Seems like most (all?) people in this thread are not picking up on the key insight that he's putting forward here -- which is the encapsulated process & security capability model that was in E.

I think he's absolutely right that the "right" replacement for JS is something built on that kind of foundation. It's not a matter of a language with a better syntax or a better arbitrary runtime like WASM, or whatever. It's the component and security model itself.

Unfortunately 30ish years on, people still don't seem in general to understand capabilities and what this can provide for us, especially in a environment with the trust model of the browser, which is executing arbitrary code from all over.

I encourage people to read up on caps, and actually on E itself.

I'm glad to see Fuchsia running with the capabilities baton. And it's in a lot of devices in the form of SeL4. But almost never exposed as an aspect of "end user" programming.

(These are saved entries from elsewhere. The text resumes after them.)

Lemma marksS'_steep_from_slit x p m : marksS' x -> on_glue_slit true p m ->
  `|(x.2 - p).1| <= 1 /\ 1 <= `|(x.2 - p).2|.
Proof.
case=> _ [n [_ [yx /andP[x0 x1]]]] [yp /andP[p0 p1]]; rewrite /= in yp p0 p1.
split; first by rewrite ler_norml; apply/andP; split; lra.
by rewrite /= yx yp; apply: natr_normB_ge1; lia.
Qed.

Lemma marksS_far_from_slit p q n : marksS (false, p) -> on_glue_slit false q n ->
  1 <= `|(q - p).1| /\ (q - p).2 = 0.
Proof.
case=> _ [k [_ [yp /andP[p0 p1]]]] [yq /andP[q0 q1]]; rewrite /= in yq q0 q1.
split; last by rewrite /= yp yq subrr.
rewrite /= ler_normr; have [le_kn | lt_nk] := leqP k n.
- have : (4 * k + 1 + 1)%:R <= (4 * n + 2)%:R :> R by rewrite ler_nat; lia.
  by rewrite natrD => ?; apply/orP; left; lra.
- have : (4 * n + 2 + 1 + 1)%:R <= (4 * k)%:R :> R by rewrite ler_nat; lia.
  by rewrite !natrD => ?; apply/orP; right; lra.
Qed.

End FlatSurface.

Section ChainLength.
Variables (R : realType) (g : 'M[R]_2).
Hypothesis opnorm_ge1 : 1 <= opnorm g.
Implicit Types (p q : R * R) (L : leg R).

Lemma chain_length_nil L : chain_length g L [::] = gdist g (lsrc L) (ldst L).
Proof. by rewrite /chain_length big_cons big_nil addr0. Qed.

Lemma chain_length_cons L L2 Ls :
  chain_length g L (L2 :: Ls) = gdist g (lsrc L) (ldst L) + chain_length g L2 Ls.
Proof. by rewrite /chain_length big_cons. Qed.

Lemma chain_length_ge0 L Ls : 0 <= chain_length g L Ls.
Proof. by apply: sumr_ge0 => M _; apply: enorm_ge0. Qed.

Lemma inv_sqrt2_le_slit_to_marksS' p m x : on_glue_slit true p m -> marksS' x ->
  (Num.sqrt 2)^-1 <= enorm (gapp g (1, 0)) + gdist g p x.2.
Proof.
move=> slit_p /marksS'_steep_from_slit /(_ slit_p) [le1 ge1].
by apply: inv_sqrt2_le_steep => //; lra.
Qed.

Lemma e1_le_marksS_to_slit p q n : marksS (false, p) -> on_glue_slit false q n ->
  enorm (gapp g (1, 0)) <= gdist g p q.
Proof.
move=> /marksS_far_from_slit /[apply] [[ge1 y0]].
rewrite /gdist [q - p]surjective_pairing y0.
exact: enorm_gapp_e1_le_horizontal.
Qed.

(* p is the slit point where the path last entered E': while in E' the path is
   charged from p on, and |g e1| stands for what was paid in E before crossing. *)
Lemma inv_sqrt2_le_chain_to_marksS' Ls L p :
  chain_ok L Ls -> marksS' (lsheet (last L Ls), ldst (last L Ls)) ->
  (lsheet L -> exists m, on_glue_slit true p m) ->
  (Num.sqrt 2)^-1 <= enorm (gapp g (1, 0)) +
    ((if lsheet L then gdist g p (lsrc L) else 0) + chain_length g L Ls).
Proof.
elim: Ls L p => [|L2 Ls IH] L p /=.
  move=> _ end_S'; have [/= sheet_L _] := end_S'.
  move=> /(_ sheet_L) [m slit_p]; rewrite sheet_L chain_length_nil.
  have := inv_sqrt2_le_slit_to_marksS' slit_p end_S'.
  by have := gdist_triangle g p (lsrc L) (ldst L); lra.
move=> [_ [/junction_ok_cases junction chain]] end_S' entry.
rewrite chain_length_cons.
have [leg_ge0 rest_ge0] := (gdist_ge0 g (lsrc L) (ldst L), chain_length_ge0 L2 Ls).
case: junction => [[same_sheet src_eq] | [other_sheet [n [slit_end src_eq]]]].
- have := IH L2 p chain end_S'; rewrite same_sheet src_eq => /(_ entry).
  case: (lsheet L); last lra.
  by have := gdist_triangle g p (lsrc L) (ldst L); lra.
- have := IH L2; rewrite other_sheet; move: entry slit_end src_eq.
  case: (lsheet L) => /= entry slit_end src_eq IH2.
  + have vacuous : false -> exists m, on_glue_slit true p m by [].
    have := IH2 p chain end_S' vacuous; have := gdist_ge0 g p (lsrc L); lra.
  + have entry2 : exists m, on_glue_slit true (lsrc L2) m.
      by exists n; rewrite src_eq; exact: on_glue_slit_transfer slit_end.
    by have := IH2 _ chain end_S' (fun=> entry2); rewrite gdistxx; lra.
Qed.

Lemma inv_sqrt2_le_chain_from_marksS Ls L p :
  chain_ok L Ls -> lsheet L = false ->
  marksS' (lsheet (last L Ls), ldst (last L Ls)) -> marksS (false, p) ->
  (Num.sqrt 2)^-1 <= gdist g p (lsrc L) + chain_length g L Ls.
Proof.
elim: Ls L => [|L2 Ls IH] L /=; first by move=> _ sheet_L [/=]; rewrite sheet_L.
move=> [_ [/junction_ok_cases junction chain]] sheet_L end_S' start_S.
rewrite chain_length_cons.
have [leg_ge0 rest_ge0] := (gdist_ge0 g (lsrc L) (ldst L), chain_length_ge0 L2 Ls).
have triangle := gdist_triangle g p (lsrc L) (ldst L).
case: junction => [[same_sheet src_eq] | [other_sheet [n [slit_end src_eq]]]].
  have := IH L2 chain (etrans same_sheet sheet_L) end_S' start_S.
  by rewrite src_eq; lra.
rewrite sheet_L in other_sheet src_eq slit_end.
have entry : lsheet L2 -> exists m, on_glue_slit true (lsrc L2) m.
  by move=> _; exists n; rewrite src_eq; exact: on_glue_slit_transfer slit_end.
have := inv_sqrt2_le_chain_to_marksS' chain end_S' entry.
rewrite other_sheet gdistxx /=.
by have := e1_le_marksS_to_slit start_S slit_end; lra.
Qed.

End ChainLength.

Theorem lemma4p5 (R : realType) (g : 'M[R]_2) :
  0 < \det g -> 1 <= opnorm g ->
  (((Num.sqrt (2 : R))^-1)%:E <= hat_dist g (@marksS R) (@marksS' R))%E.
Proof.
move=> _ opnorm_ge1; apply/ereal_infP => _ [[L Ls] /= [chain [start_S end_S']] <-].
have [/= sheet_L _] := start_S; rewrite sheet_L in start_S.
have := inv_sqrt2_le_chain_from_marksS opnorm_ge1 chain sheet_L end_S' start_S.
by rewrite gdistxx add0r lee_fin.
Qed.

EDIT: obligatory WP links: https://en.wikipedia.org/wiki/Object-capability_model and https://en.wikipedia.org/wiki/E_(programming_language)

> or a better arbitrary runtime like WASM

> It's the component and security model itself.

WASI and the WASM component model proposal [1] are moving to a capability based system (enabled by unforgeable references aka `reftype`) and to isolation between different parts of your code, which would make isolating and restricting dependencies really easy.

Combined with interface types (essentially a universal cross-language ABI) the ecosystem has the building blocks for building very secure systems.

Sadly progress has been very slow, with no end in sight, but I remain hopeful.